[Records shown Boundary: Start]

Definition dotv (n : nat) (x y : 'rV[R]_n) : R := \sum_(i < n) x ord0 i * y ord0 i.
Definition enorm (n : nat) (x : 'rV[R]_n) : R := Num.sqrt (dotv x x).
Definition eball (n : nat) (p : 'rV[R]_n) (r : R) : set 'rV[R]_n :=
  [set x | enorm (x - p) < r].

Definition diam (n : nat) (A : set 'rV[R]_n) : R :=
  sup [set enorm (x - y) | x in A & y in A].

Definition cabs (z : R[i]) : R := Num.sqrt (complex.Re z ^+ 2 + complex.Im z ^+ 2).

(* Omega is locally (near each boundary point) the subgraph of a Lipschitz
   function over a hyperplane: there are a Euclidean unit vector e (the local
   "vertical" direction, i.e. a rotation of coordinates), a radius r > 0 and a
   Lipschitz function g, constant along e (so g is a function on the
   hyperplane e^perp), such that within the ball B(p,r), x is in Omega iff
   x.e < g(x). *)
Definition lipschitz_boundary (n : nat) (Om : set 'rV[R]_n) : Prop :=
  forall p, closure Om p -> ~ Om p ->
    exists (r L : R) (e : 'rV[R]_n) (g : 'rV[R]_n -> R),
      [/\ 0 < r, 0 <= L, enorm e = 1,
          (forall x y, `|g x - g y| <= L * enorm (x - y)) /\
          (forall x t, g (x + t *: e) = g x) &
          (forall x, eball p r x -> (Om x <-> dotv x e < g x))].

Definition bounded_lipschitz_domain (n : nat) (Om : set 'rV[R]_n) : Prop :=
  [/\ open Om, connected Om, Om !=set0,
      (exists M : R, forall x, Om x -> enorm x <= M) &
      lipschitz_boundary Om].

Definition sup_abs (n : nat) (A : set 'rV[R]_n) (phi : 'rV[R]_n -> R[i]) : R :=
  sup [set cabs (phi x) | x in A].

Definition holder_quotients (n : nat) (alpha : R) (A : set 'rV[R]_n)
    (phi : 'rV[R]_n -> R[i]) : set R :=
  [set q | exists x y, [/\ A x, A y, x <> y &
            q = cabs (phi x - phi y) / (enorm (x - y)) `^ alpha]].

Definition holder_seminorm (n : nat) (alpha : R) (A : set 'rV[R]_n)
    (phi : 'rV[R]_n -> R[i]) : R :=
  sup (holder_quotients alpha A phi).

Definition holder_norm (n : nat) (alpha : R) (A : set 'rV[R]_n)
    (phi : 'rV[R]_n -> R[i]) : R :=
  sup_abs A phi + holder_seminorm alpha A phi.

Definition in_holder (n : nat) (alpha : R) (A : set 'rV[R]_n)
    (phi : 'rV[R]_n -> R[i]) : Prop :=
  [/\ (forall x, A x -> forall eps : R, 0 < eps -> exists2 d : R, 0 < d &
          forall y, A y -> enorm (y - x) < d -> cabs (phi y - phi x) < eps),
      has_ubound [set cabs (phi x) | x in A] &
      has_ubound (holder_quotients alpha A phi)].

Definition cons_row (n : nat) (t : R) (v : 'rV[R]_n) : 'rV[R]_n.+1 :=
  \row_(i < n.+1) match unlift ord0 i with Some j => v ord0 j | None => t end.

(* Lebesgue integral over R^n, computed as the iterated one-dimensional
   Lebesgue integral (Fubini). *)
Fixpoint iint (n : nat) : ('rV[R]_n -> R) -> R :=
  match n with
  | 0 => fun f => f 0
  | m.+1 => fun f =>
      Rintegral (@lebesgue_measure R) setT (fun t => iint (fun v => f (cons_row t v)))
  end.

Definition ciint (n : nat) (f : 'rV[R]_n -> R[i]) : R[i] :=
  ((iint (fun y => complex.Re (f y)))%:C + 'i * (iint (fun y => complex.Im (f y)))%:C)%C.

Definition expi (t : R) : R[i] := ((cos t)%:C + 'i * (sin t)%:C)%C.

Definition Cnk (n : nat) (k : R) : R[i] :=
  (- expi (pi * (3 - n%:R) / 4)
   * ((k `^ ((n%:R - 3) / 2)) / (2 * (2 * pi) `^ ((n%:R - 1) / 2)))%:C)%C.

Definition source (n : nat) (Om : set 'rV[R]_n) (phi : 'rV[R]_n -> R[i])
  (y : 'rV[R]_n) : R[i] := if `[< Om y >] then phi y else 0.

Definition farfield (n : nat) (k : R) (Om : set 'rV[R]_n)
    (phi : 'rV[R]_n -> R[i]) (xhat : 'rV[R]_n) : R[i] :=
  Cnk n k * ciint (fun y => expi (- (k * dotv xhat y)) * source Om phi y).

Definition radiationless (n : nat) (k : R) (Om : set 'rV[R]_n)
    (phi : 'rV[R]_n -> R[i]) : Prop :=
  forall xhat : 'rV[R]_n, enorm xhat = 1 -> farfield k Om phi xhat = 0.

End Defs.

From HB Require Import structures.
From mathcomp Require Import all_boot all_order all_algebra.
From mathcomp Require Import all_classical all_reals all_analysis.
From mathcomp Require Import complex.
From mathcomp Require Import ring lra.
Import Order.TTheory GRing.Theory Num.Theory.
Import numFieldNormedType.Exports.
Local Open Scope classical_set_scope.
Local Open Scope ring_scope.

Set Implicit Arguments.
Unset Strict Implicit.
Unset Printing Implicit Defensive.

(* Radiationlessness in the coordinate direction e_i says that
   F(y) = e^{-i k y_i} chi_Omega(y) phi(y) has integral zero.  A real function
   with zero integral, supported in Omega, cannot keep a strict sign on Omega,
   so for x in Omega both |Re F(x)| and |Im F(x)| are bounded by the
   oscillation of F on Omega, which is at most
   [phi]_alpha diam^alpha + 2 k diam |phi(x)|.  Hence
   |phi(x)| <= 2 [phi]_alpha diam^alpha + 4 k diam |phi(x)|, and when
   16 k diam <= 1 this gives |phi| <= 8 [phi]_alpha diam^alpha on Omega, and by
   continuity on its closure, boundary included.  When 16 k diam > 1,
   diam^alpha >= min(1, 1/(16k)) and the trivial bound
   sup_{boundary} |phi| <= ||phi||_{C^alpha} suffices, so
   C = min(1/8, 1/(16k)) works. *)

Section integral_bounds.
Variable R : realType.
Local Notation mu := (@lebesgue_measure R).

(* No measurability is needed: both integrals are suprema over the simple
   functions below the integrand. *)
Lemma ge0_le_integralT d (T : measurableType d) (m : {measure set T -> \bar R})
    (f g : T -> \bar R) :
  (forall x, (0 <= f x <= g x)%E) -> (\int[m]_x f x <= \int[m]_x g x)%E.
Proof.
move=> fg; have f0 x : (0 <= f x)%E by case/andP: (fg x).
have g0 x : (0 <= g x)%E by case/andP: (fg x) => /le_trans; apply.
rewrite !ge0_integralTE //; apply: ereal_sup_le => _ [h hf <-].
exists h => //= x; apply: le_trans (hf x) _; by case/andP: (fg x).
Qed.

Lemma integral_cst_itv (c a b : R) (b0 b1 : bool) : a <= b ->
  (\int[mu]_(x in [set` Interval (BSide b0 a) (BSide b1 b)]) (cst c%:E) x
    = (c * (b - a))%:E)%E.
Proof.
move=> ab; rewrite integral_cst; last exact: measurable_itv.
rewrite -[X in (_ * X)%E]/(mu [set` Interval (BSide b0 a) (BSide b1 b)]).
rewrite lebesgue_measure_itv lte_fin; have [ltab|] := ltP a b.
  by rewrite -EFinD -EFinM.
move=> ba; have -> : b = a by apply/eqP; rewrite eq_le ab ba.
by rewrite subrr mulr0 mule0.
Qed.

Lemma ge0_integral_le_box (G : R -> R) (K B : R) : 0 <= B ->
  (forall t, 0 <= G t <= K) -> (forall t, B < `|t| -> G t = 0) ->
  (\int[mu]_x (G x)%:E <= (K * (B *+ 2))%:E)%E.
Proof.
move=> B0 GK Gout.
have -> : (K * (B *+ 2))%:E = (\int[mu]_(x in `[(- B)%R, B]) (cst K%:E) x)%E.
  by rewrite integral_cst_itv ?opprK -?mulr2n //; lra.
rewrite [X in (_ <= X)%E]integral_mkcond; apply: ge0_le_integralT => x.
rewrite /patch /=; case: ifPn => [_|]; first by rewrite !lee_fin; exact: GK.
rewrite notin_setE /= in_itv /= -ler_norml => /negP; rewrite -ltNge => Bx.
by rewrite Gout // lexx.
Qed.

Lemma ge0_integral_ge_itv (G : R -> R) (c a r : R) : 0 <= r -> 0 <= c ->
  (forall t, 0 <= G t) -> (forall t, `|t - a| < r -> c <= G t) ->
  ((c * (r *+ 2))%:E <= \int[mu]_x (G x)%:E)%E.
Proof.
move=> r0 c0 G0 Gc.
have -> : (c * (r *+ 2))%:E = (\int[mu]_(x in `](a - r)%R, (a + r)%R[) (cst c%:E) x)%E.
  by rewrite integral_cst_itv; [congr (_ * _)%:E | ]; lra.
rewrite [X in (X <= _)%E]integral_mkcond; apply: ge0_le_integralT => x.
rewrite /patch /=; case: ifPn => [|_]; last by rewrite lexx lee_fin G0.
rewrite in_setE /= in_itv /= -ltr_distlC distrC => /Gc cG.
by rewrite !lee_fin c0 cG.
Qed.

Lemma Rintegral_bounds (G : R -> R) (K B c a r : R) : 0 <= B -> 0 <= r -> 0 <= c ->
  (forall t, 0 <= G t <= K) -> (forall t, B < `|t| -> G t = 0) ->
  (forall t, `|t - a| < r -> c <= G t) ->
  c * (r *+ 2) <= Rintegral mu setT G <= K * (B *+ 2).
Proof.
move=> B0 r0 c0 GK Gout Gc.
have G0 t : 0 <= G t by case/andP: (GK t).
have up := ge0_integral_le_box B0 GK Gout.
have lo := ge0_integral_ge_itv r0 c0 G0 Gc.
have fin : (\int[mu]_x (G x)%:E)%E \is a fin_num.
  rewrite ge0_fin_numE ?(le_lt_trans up) ?ltry //.
  by apply: integral_ge0 => x _; rewrite lee_fin.
by rewrite /Rintegral -!lee_fin fineK // lo up.
Qed.

Lemma RintegralNT d (T : measurableType d) (m : {measure set T -> \bar R})
    (G : T -> R) :
  Rintegral m setT (fun t => - G t) = - Rintegral m setT G.
Proof.
rewrite /Rintegral [in LHS]integralE [in RHS]integralE.
have -> : ((fun x => (- G x)%:E)^\+ = (fun x => (G x)%:E)^\-)%E.
  by apply/funext => x; rewrite funeposE funenegE /= ?EFinN ?oppeK.
have -> : ((fun x => (- G x)%:E)^\- = (fun x => (G x)%:E)^\+)%E.
  by apply/funext => x; rewrite funeposE funenegE /= ?EFinN ?oppeK.
have fineBN (a b : \bar R) : (0 <= a)%E -> (0 <= b)%E ->
    fine (b - a)%E = - fine (a - b)%E.
  by case: a b => [a||] [b||] //= _ _; rewrite ?oppr0 // opprB.
by apply: fineBN; apply: integral_ge0 => x _; [exact: funepos_ge0 | exact: funeneg_ge0].
Qed.

End integral_bounds.

Section iterated_integral.
Variable R : realType.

[Records shown Boundary: End]

- _Exercise objective_: Set down, unchanged, only those lines above that fall between the line with "None => t end." and the line with "Definition expi (t", the two end lines included.

- _Answer to the problem_:
  \row_(i < n.+1) match unlift ord0 i with Some j => v ord0 j | None => t end.

(* Lebesgue integral over R^n, computed as the iterated one-dimensional
   Lebesgue integral (Fubini). *)
Fixpoint iint (n : nat) : ('rV[R]_n -> R) -> R :=
  match n with
  | 0 => fun f => f 0
  | m.+1 => fun f =>
      Rintegral (@lebesgue_measure R) setT (fun t => iint (fun v => f (cons_row t v)))
  end.

Definition ciint (n : nat) (f : 'rV[R]_n -> R[i]) : R[i] :=
  ((iint (fun y => complex.Re (f y)))%:C + 'i * (iint (fun y => complex.Im (f y)))%:C)%C.

Definition expi (t : R) : R[i] := ((cos t)%:C + 'i * (sin t)%:C)%C.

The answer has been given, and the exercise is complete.